Hypoparathyroidism is a disease that develops due to a lack of parathyroid hormone secreted by the parathyroid glands, or a violation of the receptor tissue sensitivity to it. A decrease in the functional activity of the parathyroid glands of various genesis is observed in 0.3—0.4% of the population and can occur at any age, leading to a violation of calcium and phosphorus metabolism. There are congenital, postoperative, post-traumatic, autoimmune and idiopathic hypoparathyroidism. During the diagnosis of hypoparathyroidism, it is important to determine the content of parathyroid hormone, Ca and P in the blood, to detect osteosclerosis during X-ray examination and densitometry.
ICD 10
E20 Hypoparathyroidism
Causes
Parathyroid hormone, together with thyroid hormone calcitonin and vitamin D, is responsible for the regulation of phosphorus-calcium metabolism in the body. Its deficiency causes a decrease in blood calcium levels and an increased content of phosphates. As a result, the mineral balance is disturbed (the balance between K, Na, Mg ions), the permeability of cell membranes, which is manifested by increased neuromuscular excitability and convulsions.

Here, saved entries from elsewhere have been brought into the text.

(* Consider an execution of the convergence algorithm described in the context, with $n>5f$ robots of which at most $f$ are Byzantine and $m$ are correct, in the CORDA model under a fully asynchronous scheduler. Let $b>0$. Let $D_i$ be a destination computed by a correct robot $i$ in a cycle started at time $t$ (i.e., whose Look occurred at time $t$). If $D_i<\min UD(t)+b$, then at time $t$ at least $m-2f$ correct robots are located at positions $<\min UD(t)+2b$.
   Context: Setting: $n$ robots on the real line, at most $f$ Byzantine (arbitrary positions). Robots are anonymous, oblivious, have no common orientation, and have unlimited visibility with strong multiplicity detection. Correct robots run Look–Compute–Move cycles in the CORDA model, where phases of different robots interleave arbitrarily. Algorithm: with snapshot sorted $P_1\le\dots\le P_n$ and own position $x_i$, robot $i$ is elected iff $x_i\le P_{f+1}$ or $x_i\ge P_{n-f}$. If elected, its destination is the midpoint of $\min(x_i,P_{2f+1})$ and $\max(x_i,P_{n-2f})$, which is the center of $trim^i_{2f}(P)$ (remove, among the $2f$ smallest positions, those below $x_i$, and, among the $2f$ largest positions, those above $x_i$). Notation: the destination of a correct robot at time $t$ is the last destination it computed at or before $t$ (its position if none). $UD(t)$ is the multiset union of positions and destinations of all correct robots at time $t$. *)

From HB Require Import structures.
From mathcomp Require Import all_boot all_order all_algebra.
Set Implicit Arguments. Unset Strict Implicit. Unset Printing Implicit Defensive.
Import Order.TTheory GRing.Theory Num.Theory.
Local Open Scope ring_scope.

Section Defs.
Variable R : realFieldType.

(* P_k of the sorted multiset s, 1-based: P_1 <= ... <= P_(size s). *)
Definition kth (s : seq R) (k : nat) : R := nth 0 (sort <=%R s) k.-1.

Definition seq_min (s : seq R) : R := \big[Num.min/head 0 s]_(x <- s) x.

Definition elected (f : nat) (P : seq R) (x : R) : bool :=
  (x <= kth P f.+1) || (kth P (size P - f)%N <= x).

(* Destination computed by the algorithm: Some (center of trim^i_(2f)(P))
   if elected, None (no destination computed, robot does not move) otherwise. *)
Definition algo_dest (f : nat) (P : seq R) (x : R) : option R :=
  if elected f P x then
    Some ((Num.min x (kth P (2 * f).+1) + Num.max x (kth P (size P - 2 * f)%N)) / 2)
  else None.

Definition snap (m k : nat) (pos : 'I_m -> R -> R) (bpos : 'I_k -> R -> R) (t : R)
  : seq R := [seq pos j t | j : 'I_m] ++ [seq bpos j t | j : 'I_k].

End Defs.

(* An execution of the algorithm in CORDA (fully asynchronous scheduler),
   with m correct robots (indexed 'I_m) and k Byzantine robots (indexed 'I_k),
   algorithm parameter f. Correct robot i performs cycles c = 0,1,2,...:
   Look at look i c, Compute at comp i c, Move during [comp i c, mend i c]. *)
Record execution (R : realFieldType) (m k f : nat) := Execution {
  pos  : 'I_m -> R -> R;
  bpos : 'I_k -> R -> R;
  look : 'I_m -> nat -> R;
  comp : 'I_m -> nat -> R;
  mend : 'I_m -> nat -> R;
  dest : 'I_m -> R -> R;
  ex_look_comp : forall i c, look i c <= comp i c;
  ex_comp_end  : forall i c, comp i c <= mend i c;
  ex_end_look  : forall i c, mend i c <= look i c.+1;
  ex_look_lt   : forall i c, look i c < look i c.+1;
  (* fairness: every correct robot is activated infinitely often *)
  ex_fair : forall i T, exists c, T < look i c;
  ex_before : forall i t, t <= look i 0%N -> pos i t = pos i (look i 0%N);
  ex_wait : forall i c t, look i c <= t <= comp i c -> pos i t = pos i (look i c);
  ex_idle : forall i c t, mend i c <= t <= look i c.+1 -> pos i t = pos i (mend i c);
  (* during the Move phase, a robot moves on the segment towards its computed
     destination (possibly stopping early); it stays put if none was computed *)
  ex_move : forall i c t, comp i c <= t <= mend i c ->
    match algo_dest f (snap pos bpos (look i c)) (pos i (look i c)) return Prop with
    | None => pos i t = pos i (comp i c)
    | Some d => Num.min (pos i (comp i c)) d <= pos i t <= Num.max (pos i (comp i c)) d
    end;
  (* destination at time t = last destination computed at or before t,
     or the current position if none *)
  ex_dest : forall i t,
    ((forall c, comp i c <= t ->
        algo_dest f (snap pos bpos (look i c)) (pos i (look i c)) = None)
       /\ dest i t = pos i t)
    \/ (exists c, comp i c <= t /\
         algo_dest f (snap pos bpos (look i c)) (pos i (look i c)) = Some (dest i t) /\
         forall c', (c < c')%N -> comp i c' <= t ->
           algo_dest f (snap pos bpos (look i c')) (pos i (look i c')) = None)
}.

Section ExecDefs.
Variables (R : realFieldType) (m k f : nat) (e : execution R m k f).

Definition cycle_dest (i : 'I_m) (c : nat) : option R :=
  algo_dest f (snap (pos e) (bpos e) (look e i c)) (pos e i (look e i c)).

Definition UD (t : R) : seq R :=
  [seq pos e j t | j : 'I_m] ++ [seq dest e j t | j : 'I_m].

Definition minUD (t : R) : R := seq_min (UD t).
End ExecDefs.

(* Let M := min UD(t). Correct robots sit at or above M and at most f
   Byzantine robots can sit below it, so P_(2f+1) >= M and the lower end
   min(x_i, P_(2f+1)) of the trimmed interval is >= M. Its center D_i being
   < M + b, the upper end max(x_i, P_(n-2f)) is < M + 2b. Hence n - 2f
   robots lie below M + 2b, and removing the at most f Byzantine ones
   leaves m - 2f correct robots there. *)

From HB Require Import structures.
From mathcomp Require Import all_boot all_order all_algebra.
From mathcomp Require Import lra zify.
Import Order.TTheory GRing.Theory Num.Theory.
Local Open Scope ring_scope.

Lemma count_image (T : finType) (U : Type) (F : T -> U) (p : pred U) :
  count p [seq F j | j : T] = #|[set j | p (F j)]|.
Proof.
rewrite count_map cardsE cardE /enum_mem size_filter.
by rewrite /image_mem /enum_mem filter_predT.
Qed.

Section OrderStatistics.
Context {R : realFieldType}.
Implicit Types (s : seq R) (v : R).

Lemma kth_count_ge s j v :
  (count (< v) s < j <= size s)%N -> v <= kth s j.
Proof.
case: j => [|j] // hj; rewrite /kth; apply: nth_count_ge.
  by apply: sort_sorted; exact: le_total.
by rewrite size_sort ((permP (permEl (perm_sort _ _))) (< v)).
Qed.

Lemma kth_count_lt s j v :
  kth s j < v -> (0 < j <= size s)%N -> (j <= count (< v) s)%N.
Proof.
move=> hlt hj; rewrite leqNgt; apply/negP => hcnt.
by move: hlt; rewrite ltNge kth_count_ge //; lia.
Qed.

Lemma seq_min_le s y : y \in s -> seq_min s <= y.
Proof. by move=> ys; exact: (ge_bigmin_seq _ _ predT id ys). Qed.

End OrderStatistics.

Lemma kth_upper_lt_of_algo_dest {R : realFieldType} [f : nat] [P : seq R]
    [x D L b : R] :
  algo_dest f P x = Some D -> L <= x -> L <= kth P (2 * f).+1 -> D < L + b ->
  kth P (size P - 2 * f) < L + 2 * b.
Proof.
rewrite /algo_dest; case: elected => // -[<-] hx hlo.
set lo := Num.min _ _; set hi := Num.max _ _.
have hLlo : L <= lo by rewrite le_min hx hlo.
have hhi : kth P (size P - 2 * f) <= hi by rewrite le_max lexx orbT.
lra.
Qed.

Section Snapshot.
Context {R : realFieldType} {m k : nat}.
Variables (pos : 'I_m -> R -> R) (bpos : 'I_k -> R -> R).

Lemma size_snap t : size (snap pos bpos t) = (m + k)%N.
Proof. by rewrite size_cat !size_image !card_ord. Qed.

Lemma count_snap_lt (v t : R) :
  (count (< v) (snap pos bpos t) <= #|[set j | (pos j t < v)%R]| + k)%N.
Proof.
rewrite count_cat !count_image leq_add2l.
by rewrite -[X in (_ <= X)%N](card_ord k) max_card.
Qed.

End Snapshot.

Lemma minUD_le_pos {R : realFieldType} {m k f : nat} (e : execution R m k f)
    (t : R) (j : 'I_m) :
  minUD e t <= pos e j t.
Proof. by apply: seq_min_le; rewrite mem_cat image_f. Qed.

Theorem lemma12 (R : realFieldType) (m k f : nat) (e : execution R m k f)
  (b : R) (i : 'I_m) (c : nat) (Di : R) :
  (k <= f)%N -> (5 * f < m + k)%N -> 0 < b ->
  cycle_dest e i c = Some Di ->
  Di < minUD e (look e i c) + b ->
  (m - 2 * f <= #|[set j : 'I_m | (pos e j (look e i c) < minUD e (look e i c) + 2 * b)%R]|)%N.
Proof.
move=> hkf hn hb hDi hDi_lt.
set t := look e i c in hDi hDi_lt *; set M := minUD e t in hDi_lt *.
set P := snap (pos e) (bpos e) t.
have sizeP : size P = (m + k)%N by exact: size_snap.
have none_below_M : #|[set j | pos e j t < M]| = 0%N.
  by apply: eq_card0 => j; rewrite !inE ltNge minUD_le_pos.
have M_le_lo : M <= kth P (2 * f).+1.
  apply: kth_count_ge; have := count_snap_lt (pos e) (bpos e) M t.
  rewrite -/P none_below_M sizeP => hcnt.
  by apply/andP; split; [apply: leq_ltn_trans hcnt _ | ]; lia.
have hup : kth P (size P - 2 * f) < M + 2 * b.
  exact: kth_upper_lt_of_algo_dest hDi (minUD_le_pos e t i) M_le_lo hDi_lt.
move/kth_count_lt: hup; rewrite sizeP => /(_ ltac:(lia)) hcnt.
have hle := leq_trans hcnt (count_snap_lt (pos e) (bpos e) (M + 2 * b) t).
rewrite -(leq_add2r k); apply: leq_trans hle; lia.
Qed.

Hypocalcemia and hyperphosphatemia contribute to the deposition of calcium salts in internal organs and on the walls of blood vessels.
The development of hypoparathyroidism is often associated with thyroid diseases, which is explained by their close anatomical location and close functional relationship. Hypoparathyroidism can develop as a result of:
- surgical intervention on the thyroid gland or other organs of the neck with damage to the parathyroid glands. The so-called postoperative hypoparathyroidism usually occurs after complete removal of the thyroid gland (thyroidectomy) with an oncological diagnosis;
- hemorrhages in the parathyroid glands with neck injuries;
- inflammatory processes in the parathyroid glands;
- tumor metastases to the parathyroid glands and neck area;
- congenital pathology (intrauterine underdevelopment of the parathyroid glands) – occurs with Di Giorgi syndrome, characterized by a violation of the development of the parathyroid glands, thymus aplasia and congenital heart defects;
- exposure to radiation (in the treatment of toxic goiter with radioactive iodine);
- endocrine disorders (primary hypothyroidism, chronic adrenal insufficiency);
- autoimmune syndrome, systemic diseases (hemochromatosis and amyloidosis).
Classification
Modern endocrinology distinguishes the following forms of hypoparathyroidism due to the nature of the course of the disease:
- acute – the condition is difficult to compensate, severe seizures often occur;
- chronic – infrequent seizures are provoked by infections, physical exertion, nervous overstrain, menstruation, psychological trauma). Exacerbations of hypoparathyroidism usually occur in spring and autumn. Adequate treatment allows for long-term remission.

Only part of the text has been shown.